You have probably NOT been told that surrendering mothers suffer for the REST OF THEIR LIVES with emotional problems such as Disenfranchised Grief, and Post Traumatic Stress Disorder from the trauma of having their babies taken from them at birth. Did you know that 85% of relinquishing mothers suffer a Major Depression in their life and 60% never have another child?
You have probably NOT been told that adoptees suffer from attachment disorders, abandonment issues, disenfranchised grief,
identity issues, and are represented in patient populations in Psychiatry at a much higher rate than non adoptees.

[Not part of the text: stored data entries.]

(* Consider the fixed-design additive regression setting and estimator described in the context, and assume $g^*=\sum_{j=1}^pg^*_j\in\mathcal G$ is additive with $\sum_j\|g^*_j\|_{F,j}\le C_1M_F$ and $\sum_j\|g^*_j\|_n^q\le C_1^qM_q$ for some $0\le q\le1$ and $M_q,M_F>0$ (possibly depending on $(n,p)$). Suppose that for constants $B_0>0$ and $0<\beta_0<2$, $$\max_{j}\int_0^\delta H^{1/2}(u,\mathcal G_j(\delta),\|\cdot\|_n)\,du\le B_0\delta^{1-\beta_0/2},\quad 0<\delta\le1,$$ and that the tuning uses $\psi_{nj}(\delta)=B_0\delta^{1-\beta_0/2}$, $\gamma_{nj}=\gamma_n(q)=B_0^{2/(2+\beta_0(1-q))}n^{-1/(2+\beta_0(1-q))}$ and $w_{nj}=w_n(q)=\gamma_n(q)^{1-q}$ for all $j$. Assume the sub-Gaussian noise condition, and the empirical compatibility condition with constants $\kappa_0>0,\xi_0>1$ for $S=\{1\le j\le p:\|g^*_j\|_n>C_0\lambda_{nj}\}$ for some constant $C_0>0$. If $0<w_n(q)\le1$ for sufficiently large $n$, then for any $A_0>(\xi_0+1)/(\xi_0-1)$ there is a constant $K$ depending only on $(q,A_0,C_0,\xi_0,\kappa_0)$ such that, with probability at least $1-\epsilon$, $$\|\hat g-g^*\|_n^2+(A_0-1)R_n(\hat g-g^* )\le K\,C_1^2(M_F+M_q)\Big\{\gamma_n(q)+\sqrt{\log(p/\epsilon)/n}\Big\}^{2-q}.$$
   Context: Data: $(Y_i,X_i)$, $i=1,\dots,n$, $Y_i=g^*(X_i)+\varepsilon_i$. Fixed design: $X_1,\dots,X_n$ deterministic; probabilities refer to the noise. For $j=1,\dots,p$, $x^{(j)}$ is a fixed sub-vector of coordinates of $x$, $\mathcal G_j$ is a vector space of functions of $x^{(j)}$ with semi-norm $\|\cdot\|_{F,j}$, $\mathcal G=\{\sum_jg_j(x^{(j)}):g_j\in\mathcal G_j\}$; each $g\in\mathcal G$ comes with a decomposition $g=\sum_jg_j$. $\|f\|_n^2=n^{-1}\sum_if(X_i)^2$, $\|Y-g\|_n^2=n^{-1}\sum_i\{Y_i-g(X_i)\}^2$, $\langle\varepsilon,f\rangle_n=n^{-1}\sum_i\varepsilon_if(X_i)$; $H(u,\mathcal F,\|\cdot\|)$ is the log covering number at radius $u$; $\mathcal G_j(\delta)=\{f\in\mathcal G_j:\|f\|_{F,j}+\|f\|_n/\delta\le1\}$. Convention: $\|g_j\|_n^0=1$ if $\|g_j\|_n>0$ and $0$ otherwise. Sub-Gaussian noise condition: $\varepsilon_i$ independent, mean zero, $\max_iD_0E\exp(\varepsilon_i^2/D_0)\le D_1$. $C_1=C_1(D_0,D_1)>0$ is a constant depending only on $(D_0,D_1)$ such that for every $\delta>0$, every class $\mathcal F$ with $\sup_{\mathcal F}\|f\|_n\le\delta$ and every $\psi\ge\int_0^\delta H^{1/2}(u,\mathcal F,\|\cdot\|_n)du$, $P\{\sup_{\mathcal F}|\langle\varepsilon,f\rangle_n|/C_1>n^{-1/2}\psi+\delta\sqrt{t/n}\}\le e^{-t}$, $t>0$. Tuning and estimator: $0<\epsilon<1$; $\lambda_{nj}=C_1\{\gamma_{nj}+\sqrt{\log(p/\epsilon)/n}\}$, $\rho_{nj}=\lambda_{nj}w_{nj}$, $R_n(g)=\sum_j(\rho_{nj}\|g_j\|_{F,j}+\lambda_{nj}\|g_j\|_n)$; for $A_0>1$, $\hat g=\sum_j\hat g_j$ minimizes $\|Y-g\|_n^2/2+A_0R_n(g)$ over $g\in\mathcal G$ and decompositions; $R_n(\hat g-g^* )$ is computed with components $\hat g_j-g^*_j$. Empirical compatibility condition for $(S,\kappa_0,\xi_0)$: for all $f_j\in\mathcal G_j$, $f=\sum_jf_j$, if $\sum_j\lambda_{nj}w_{nj}\|f_j\|_{F,j}+\sum_{j\notin S}\lambda_{nj}\|f_j\|_n\le\xi_0\sum_{j\in S}\lambda_{nj}\|f_j\|_n$ then $\kappa_0^2(\sum_{j\in S}\lambda_{nj}\|f_j\|_n)^2\le(\sum_{j\in S}\lambda_{nj}^2)\|f\|_n^2$. *)

From HB Require Import structures.
From mathcomp Require Import all_boot all_order all_algebra.
From mathcomp Require Import all_classical all_reals all_analysis.
Set Implicit Arguments. Unset Strict Implicit. Unset Printing Implicit Defensive.
Import Order.TTheory GRing.Theory Num.Theory.
Import numFieldNormedType.Exports.
Local Open Scope classical_set_scope.
Local Open Scope ring_scope.

Section AdditiveRegression.
Variables (R : realType) (n dim : nat) (X : 'I_n -> 'rV[R]_dim).

Notation fn := ('rV[R]_dim -> R).

Definition empnorm (f : fn) : R := Num.sqrt (n%:R^-1 * \sum_(i < n) f (X i) ^+ 2).

Definition empinner (e : 'I_n -> R) (f : fn) : R :=
  n%:R^-1 * \sum_(i < n) e i * f (X i).

Definition emploss (Y : 'I_n -> R) (g : fn) : R :=
  n%:R^-1 * \sum_(i < n) (Y i - g (X i)) ^+ 2.

Definition covers (s : seq fn) (u : R) (F : set fn) : Prop :=
  forall f, F f -> has (fun c => empnorm (fun x => f x - c x) <= u) s.
Lemma ExpD f g : Exp (fun xs us => f xs us + g xs us) = Exp f + Exp g.
Proof.
rewrite /Exp -big_split; apply: eq_bigr => xs _.
by rewrite -big_split; apply: eq_bigr => us _; rewrite mulrDr.
Qed.

Lemma ExpZl c f : Exp (fun xs us => c * f xs us) = c * Exp f.
Proof.
rewrite /Exp big_distrr; apply: eq_bigr => xs _.
by rewrite big_distrr; apply: eq_bigr => us _; rewrite mulrCA.
Qed.

Lemma Exp_sum (I : finType) (Q : pred I) (F : I -> states S T -> actions A T -> R) :
  Exp (fun xs us => \sum_(i | Q i) F i xs us) = \sum_(i | Q i) Exp (F i).
Proof.
rewrite /Exp; under eq_bigr do under eq_bigr do rewrite mulr_sumr.
by under eq_bigr do rewrite exchange_big; rewrite exchange_big.
Qed.

Lemma sum_Exp_state_indicator (t : 'I_T.+1) f :
  \sum_s Exp (fun xs us => (if xs t == s then 1 else 0) * f xs us) = Exp f.
Proof.
rewrite -Exp_sum; apply: eq_Exp => xs us.
rewrite -mulr_suml (bigD1 (xs t)) //= eqxx big1 ?addr0 ?mul1r // => s.
by rewrite eq_sym => /negbTE ->.
Qed.

End Expectation.

Lemma geometric_weights (R : pzRingType) (gamma : R) i :
  gamma ^+ i + (1 - gamma) * \sum_(k < i) gamma ^+ k = 1.
Proof. by rewrite -opprB mulNr -subrX1 opprB addrC subrK. Qed.

Section ValueDecomposition.
Variables (R : realType) (S A : finType) (T : nat) (d0 : S -> R)
  (P : S -> A -> S -> R) (r : S -> A -> S -> R) (pi : S -> A -> R) (gamma : R).

Lemma discount_weights_sum1 (i : 'I_T) :
  gamma ^+ i + (1 - gamma) *
    \sum_(t < T.+1 | (1 <= t < T)%N && (t <= i)%N) gamma ^+ (i - t) = 1.
Proof.
rewrite -[RHS](geometric_weights gamma i); congr (_ + _ * _).
rewrite -(big_mkord (fun t => (1 <= t < T)%N && (t <= i)%N) (fun t => gamma ^+ (i - t))).
rewrite (eq_bigl (fun t => (1 <= t)%N && (t < i.+1)%N)); last first.
  by move=> t /=; have := ltn_ord i; lia.
rewrite -big_nat_widen ?ltnS 1?ltnW // big_mkcond big_nat_recl //= add0r.
rewrite -(big_mkord xpredT) big_nat_rev.
by apply: eq_big_nat => k ltki; congr (_ ^+ _); lia.
Qed.

Lemma sum_rew_ret_from xs us :
  \sum_(i < T) rew T r xs us i
  = ret_from T r gamma 0 xs us
    + (1 - gamma) * \sum_(t < T.+1 | (1 <= t < T)%N) ret_from T r gamma t xs us.
Proof.
rewrite /ret_from (eq_bigl xpredT) //.
under [X in _ = _ + _ * X]eq_bigr do rewrite big_mkcond.
rewrite exchange_big /=.
under [X in _ = _ + _ * X]eq_bigr do rewrite -big_mkcondr -mulr_suml.
rewrite big_distrr -big_split /=; apply: eq_bigr => i _.
by rewrite subn0 mulrA -mulrDl discount_weights_sum1 mul1r.
Qed.

Hypothesis pi_sum1 : forall s, \sum_a pi s a = 1.
Hypothesis P_sum1 : forall s a, \sum_s' P s a s' = 1.
Variable V : S -> R.
Hypothesis Prob_state_value : forall t s,
  Prob_state T d0 P pi t s * V s
  = Exp T d0 P pi (fun xs us => (if xs t == s then 1 else 0) * ret_from T r gamma t xs us).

You may have been told that this is an “Open Adoption” and that you can have ongoing contact with your child. This is a ploy to obtain your child from you. As part of the Adoption Industry tactics, they will make you feel that you are in control of the whole process …you are “choosing” the parents, you are “choosing” the level of contact etc. etc. BUT IT IS NOT TRUE.
Open Adoption legally means that each party knows who the other is…that the mother knows the identity of the people adopting, and the adopters know the identity of the mother. This is in contrast to “Closed Adoptions” where the identities were hidden from each party.
Once you have terminate your parental rights, all your legal rights end. It doesn’t matter what promises were made or what ceremonies you have, the adopters now have the right to close you out of your child’s life at any time they choose, not send you the pictures, and not let you send the gifts, not send the letters, not have the phone calls etc. … and the sad thing is that many do just that within the first two years.